Did you know that massive data scraping is standard practice in the AI industry? And that the way they traditionally get away with it is to have a non-profit do the scraping for "research" purposes, which they then claim is fair use, then resell the data to commercial entities as happened here? Its actually been termed "data laundering", and I'm surprised this practice hasn't been shut down as an abuse of Fair Use doctrine already when its known those research organizations are nothing but commercial fronts for shit like this. The practice extends to all kinds of data, not just images used in image generation AI. Also, something the lawyer mentioned that the article did not, the way the AI works it doesn't exactly store copies of the images in the traditional sense, but what it does store is close enough that its kind of like how you can't claim you aren't storing a copy because its in a compressed format. For legal purposes, the plaintiffs will argue that the neural network is still intended to infringe on the copyrights of the artists by design.Artists file a copyright lawsuit against Stable Diffusion and Midjourney wrote:Three artists have filed a copyright lawsuit against the creators of Stable Diffusion, Midjourney, and DreamUp, DeviantArt’s AI image generator. Sarah Andersen, Kelly McKernan, Karla Ortiz, and their attorney claim that these programs have infringed the copyright of “millions of artists” by training their algorithm on their work without permission.

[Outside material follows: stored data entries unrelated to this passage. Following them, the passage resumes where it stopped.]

Lemma vP_odd : v (2 * j - 1) \in P j.
Proof.
case/P_spec: j_range => _ [k [_ _ [p [Hp [m [lt_mk def_v _]]]]]] _ _.
rewrite def_v; apply: (kpath_seq_mem _ Hp).
by case/and4P: Hp => _ /eqP -> _ _; case/andP: lt_mk => _ /ltnW.
Qed.

Lemma vP_even : v (2 * j) \in P j.
Proof. by case/P_spec: j_range => _ _ []. Qed.

Lemma xP : x (2 * j) \in P j.
Proof.
case/P_spec: j_range => HC _ _; rewrite inE => /connect_madj_setD1 vx.
by rewrite -(component_mem_eq HC vP_even) inE.
Qed.

End InnerPath.

Lemma P_inj j1 j2 : 1 <= j1 <= i -> 1 <= j2 <= i -> P j1 = P j2 -> j1 = j2.
Proof. by move=> H1 H2 eqP12; case: (j1 =P j2) => // /(P_neq H1 H2). Qed.

Lemma O0_neq_P j : 1 <= j <= i -> O0 <> P j.
Proof.
by move=> j_range eq_O; have := P_card j_range; rewrite -eq_O => /leq_trans/(_ O0_card).
Qed.

Lemma O0_neq_Q : O0 <> Q.
Proof. by move=> eq_O; have := Q_card; rewrite -eq_O => /leq_trans/(_ O0_card). Qed.

Definition vcomp k := if k < i then P k.+1 else Q.
Definition xcomp j := if j == 0 then O0 else P j.

Lemma vcompP k : k <= i ->
  [/\ is_component M (vcomp k), v (2 * k + 1) \in vcomp k & v (2 * k + 2) \in vcomp k].
Proof.
rewrite /vcomp; case: (ltnP k i) => [lt_ki _|le_ik le_ki]; last first.
  have -> : k = i by apply/anti_leq; rewrite le_ki le_ik.
  by split; [apply: Q_component | apply: vQ | apply: vQ_even].
have j_range : 1 <= k.+1 <= i by rewrite ltn0Sn lt_ki.
rewrite -mul2S -mul2S_sub1.
by split; [apply: P_component | apply: vP_odd | apply: vP_even].
Qed.

Lemma vcomp_card k : k <= i -> 3 <= #|vcomp k|.
Proof.
rewrite /vcomp; case: (ltnP k i) => [lt_ki _|_ _]; last exact: Q_card.
by apply: P_card; rewrite ltn0Sn.
Qed.

Lemma xcompP j : j <= i -> is_component M (xcomp j) /\ x (2 * j) \in xcomp j.
Proof.
rewrite /xcomp; case: eqP => [->|/eqP j_gt0] le_ji.
  by rewrite x0_v0; split; [apply: O0_component|].
by split; [apply: P_component | apply: xP]; rewrite lt0n j_gt0.
Qed.

Lemma xcomp_inj j1 j2 : j1 <= i -> j2 <= i -> xcomp j1 = xcomp j2 -> j1 = j2.
Proof.
rewrite /xcomp => le1 le2; case: eqP => [->|/eqP j1_gt0]; case: eqP => [->|/eqP j2_gt0] // eq12.
- by case: (O0_neq_P (j := j2)); rewrite ?lt0n ?j2_gt0.
- by case: (O0_neq_P (j := j1)); rewrite ?lt0n ?j1_gt0.
- by apply: P_inj eq12; rewrite lt0n ?j1_gt0 ?j2_gt0.
Qed.

Lemma xcomp_vcomp j k : j <= i -> k <= i -> xcomp j = vcomp k -> j = k.+1.
Proof.
rewrite /xcomp /vcomp => le_j le_k.
case: eqP => [_|/eqP j_gt0]; case: (ltnP k i) => lt_k eq_jk.
- by case: (O0_neq_P (j := k.+1)); rewrite ?ltn0Sn.
- by case: O0_neq_Q.
- by apply: P_inj eq_jk; rewrite ?ltn0Sn // lt0n j_gt0.
- by exfalso; apply: (Q_neq_P (j := j)); [rewrite lt0n j_gt0 | rewrite eq_jk].
Qed.

Lemma x_short_side j : 1 <= j <= i ->
  x (2 * j) != v (2 * j - 1) /\ (x (2 * j) != v (2 * j) -> #|incident M (x (2 * j))| <= 1).
Proof.
case/P_spec => HC [k [/andP[_ le_k4] _ [p [Hp [m [m_range def_v mid_m]]]]]] [_ vvM] x_comp.
by rewrite def_v in vvM x_comp *; apply: (kpath_seq_short_side M_simple HC Hp).
Qed.

Lemma removed_edgeM k : k <= i -> removed_edge k \in M.
Proof.
move=> le_ki; rewrite /removed_edge; case: (ltnP k i) => [lt_ki|ge_ki]; last first.
  by have -> : k = i by apply/anti_leq; rewrite le_ki ge_ki.
have [_ _ [_]] := P_spec (j := k.+1) ltac:(by rewrite ltn0Sn lt_ki).
by rewrite mul2S_sub1 mul2S.
Qed.

Lemma x_neq_v_odd j k : j <= i -> k <= i -> x (2 * j) != v (2 * k + 1).
Proof.
move=> le_j le_k; have [HCx xC] := xcompP le_j; have [HCv vC _] := vcompP le_k.
case: (boolP (xcomp j == vcomp k)) => [/eqP eq_comp|]; last first.
  by move=> neq_comp; apply: (component_neq HCx HCv xC vC) => /eqP; rewrite (negbTE neq_comp).
have eq_j := xcomp_vcomp le_j le_k eq_comp; subst j.
by have [+ _] := x_short_side (j := k.+1) ltac:(by rewrite ltn0Sn); rewrite mul2S_sub1.
Qed.

Lemma x_neq_v_last j : j <= i -> x (2 * j) != v (2 * i + 2).
Proof.
move=> le_j; have [HCx xC] := xcompP le_j; have [HCv _ vC] := vcompP (leqnn i).
apply: (component_neq HCx HCv xC vC) => /(xcomp_vcomp le_j (leqnn i)) eq_j.
by rewrite eq_j ltnn in le_j.
Qed.

Lemma x_inj j1 j2 : j1 <= i -> j2 <= i -> x (2 * j1) = x (2 * j2) -> j1 = j2.
Proof.
move=> le1 le2 eq_x; have [HC1 x1] := xcompP le1; have [HC2 x2] := xcompP le2.
by apply: xcomp_inj => //; apply: (component_eq HC1 HC2 x1); rewrite eq_x.
Qed.

Lemma added_edge_mem_inj w k1 k2 : k1 <= i -> k2 <= i ->
  w \in added_edge k1 -> w \in added_edge k2 -> k1 = k2.
Proof.
move=> le1 le2; rewrite !inE => /orP[]/eqP -> /orP[]/eqP eq_w.
- exact: x_inj.
- by move: (x_neq_v_odd le1 le2); rewrite eq_w eqxx.
- by move: (x_neq_v_odd le2 le1); rewrite eq_w eqxx.
- exact: v_odd_inj.
Qed.

Lemma card_added : #|added| = i.+1.
Proof.
rewrite card_imset ?card_ord // => k1 k2 eq12; apply: val_inj.
have le_ord (k : 'I_i.+1) : k <= i by rewrite -ltnS.
apply: (added_edge_mem_inj (w := x (2 * k1)) (le_ord k1) (le_ord k2)).
  by rewrite !inE eqxx.
by rewrite -eq12 !inE eqxx.
Qed.

Lemma removed_subM : removed \subset M.
Proof. by apply/subsetP => g /removedP [k le_ki ->]; apply: removed_edgeM. Qed.

Lemma card_removed : #|removed| <= i.+1.
Proof. by rewrite -[i.+1]card_ord leq_imset_card. Qed.

Lemma added_notinM g : g \in added -> g \notin M.
Proof. by case/addedP => k le_ki ->; apply: added_edge_notinM. Qed.

Lemma switched_subE : switched \subset E.
Proof.
apply/subsetP => g; rewrite !inE => /orP[/andP[_ /(subsetP ME)] //|/addedP [k le_ki ->]].
exact: added_edgeE.
Qed.

Lemma card_switched : #|M| <= #|switched|.
Proof.
have disj : (M :\: removed) :&: added = set0.
  apply/setP => g; rewrite !inE.
  by case: (boolP (g \in added)) => [/added_notinM/negbTE ->|]; rewrite ?andbF.
rewrite /switched cardsU disj cards0 subn0 cardsD (setIidPr removed_subM) card_added.
by rewrite addnBAC ?subset_leq_card ?removed_subM // -addnBA ?card_removed // leq_addr.
Qed.

Lemma incident_switched_sub w :
  incident switched w \subset (incident M w :\: removed) :|: incident added w.
Proof. by apply/subsetP => g; rewrite !inE => /andP[/orP[/andP[-> ->]|->] ->]; rewrite ?orbT. Qed.

Lemma incident_added_le1 w : #|incident added w| <= 1.
Proof.
apply/card_le1_eqP => g1 g2; rewrite !inE.
move=> /andP[/addedP [k1 le1 ->] w1] /andP[/addedP [k2 le2 ->] w2].
by rewrite (added_edge_mem_inj le1 le2 w1 w2).
Qed.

The Midjourney founder recently admitted to using “hundreds of millions of images” without their authors’ consent to train the image generator’s AI. And now, his company and the two others could face legal consequences.
Lawyer Matthew Butterick is an artist himself, and he teamed up with litigators Brian Clark and Laura Matson of Lockridge Grindal Nauen P.L.L.P. On behalf of Andersen, McKernan, and Ortiz, he filed the lawsuit against Stability AI (the company behind Stable Diffusion), DeviantArt, and Midjourney.
Karla Ortiz
@kortizart
1/ As I learned more about how the deeply exploitative AI media models practices I realized there was no legal precedent to set this right. Let’s change that.

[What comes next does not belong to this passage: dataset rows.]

Lemma compatible_povm_mp_instrument (O L : finType) n k v
    (I : O -> 'M[C]_n -> 'M[C]_k) (B : L -> 'M[C]_n) (xi : L -> 'M[C]_v) :
  (forall y, is_state (xi y)) ->
  compatible_instrument_povm I B -> compatible_instruments I (mp_instrument B xi).
Proof.
move=> xi_state [R [R_ins [R_I R_B]]].
exists (fun xy X => kronmx (R xy X) (xi xy.2)); split.
  exact: (is_instrument_kronmx R_ins (fun xy => xi_state xy.2)).
move=> rho _; split => [y|x].
  under eq_bigr => x _ do rewrite ptrace_fst_kronmx.
  rewrite /= -scaler_suml /mp_instrument -R_B mulmx_suml raddf_sum; congr (_ *: _).
  apply: eq_bigr => x _ /=; rewrite mxtrace_induced_povm //.
  exact: (R_ins.1 (x, y)).1.
under eq_bigr => y _ do rewrite ptrace_snd_kronmx (xi_state y).2 scale1r.
exact: R_I.
Qed.

Lemma compatible_mp_instrument_povm (O L : finType) n k v
    (I : O -> 'M[C]_n -> 'M[C]_k) (B : L -> 'M[C]_n) (xi : L -> 'M[C]_v) :
  is_instrument I -> (forall y, is_state (xi y)) ->
  compatible_instruments I (mp_instrument B xi) -> compatible_instrument_povm I B.
Proof.
move=> I_ins xi_state [G [G_ins G_marg]].
have R_ins := is_instrument_ptrace_snd G_ins.
have R_lin xy : linear (fun X => ptrace_snd (G xy X)) := (R_ins.1 xy).1.
exists (fun xy X => ptrace_snd (G xy X)); split => //; split => [x|y].
  apply: linear_eq_on_states; last by move=> rho /G_marg [_ ->].
  - move=> a X Y; rewrite scaler_sumr -big_split.
    by apply: eq_bigr => y _ /=; rewrite R_lin.
  - exact: (I_ins.1 x).1.
apply: mxtrace_mul_eq_on_states => rho rho_state.
rewrite mulmx_suml raddf_sum /=.
under eq_bigr => x _ do rewrite mxtrace_induced_povm // mxtrace_ptrace_snd.
have := congr1 mxtrace ((G_marg rho rho_state).1 y).
rewrite raddf_sum /mp_instrument mxtraceZ (xi_state y).2 mulr1 => <- /=.
by apply: eq_bigr => x _; rewrite mxtrace_ptrace_fst.
Qed.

Read more about our class action lawsuit, including how to contact the firm here:
https://t.co/yvX4YZMfrG
8:14 PM · Jan 14, 2023
4.2K
1.2K
“Stable Diffusion contains unauthorized copies of millions—and possibly billions—of copyrighted images”, Butterick writes in a blog post. “These copies were made without the knowledge or consent of the artists.” He argues that, even if we assume the nominal damages of only $1 per image, this misappropriation would add up to around $5 billion!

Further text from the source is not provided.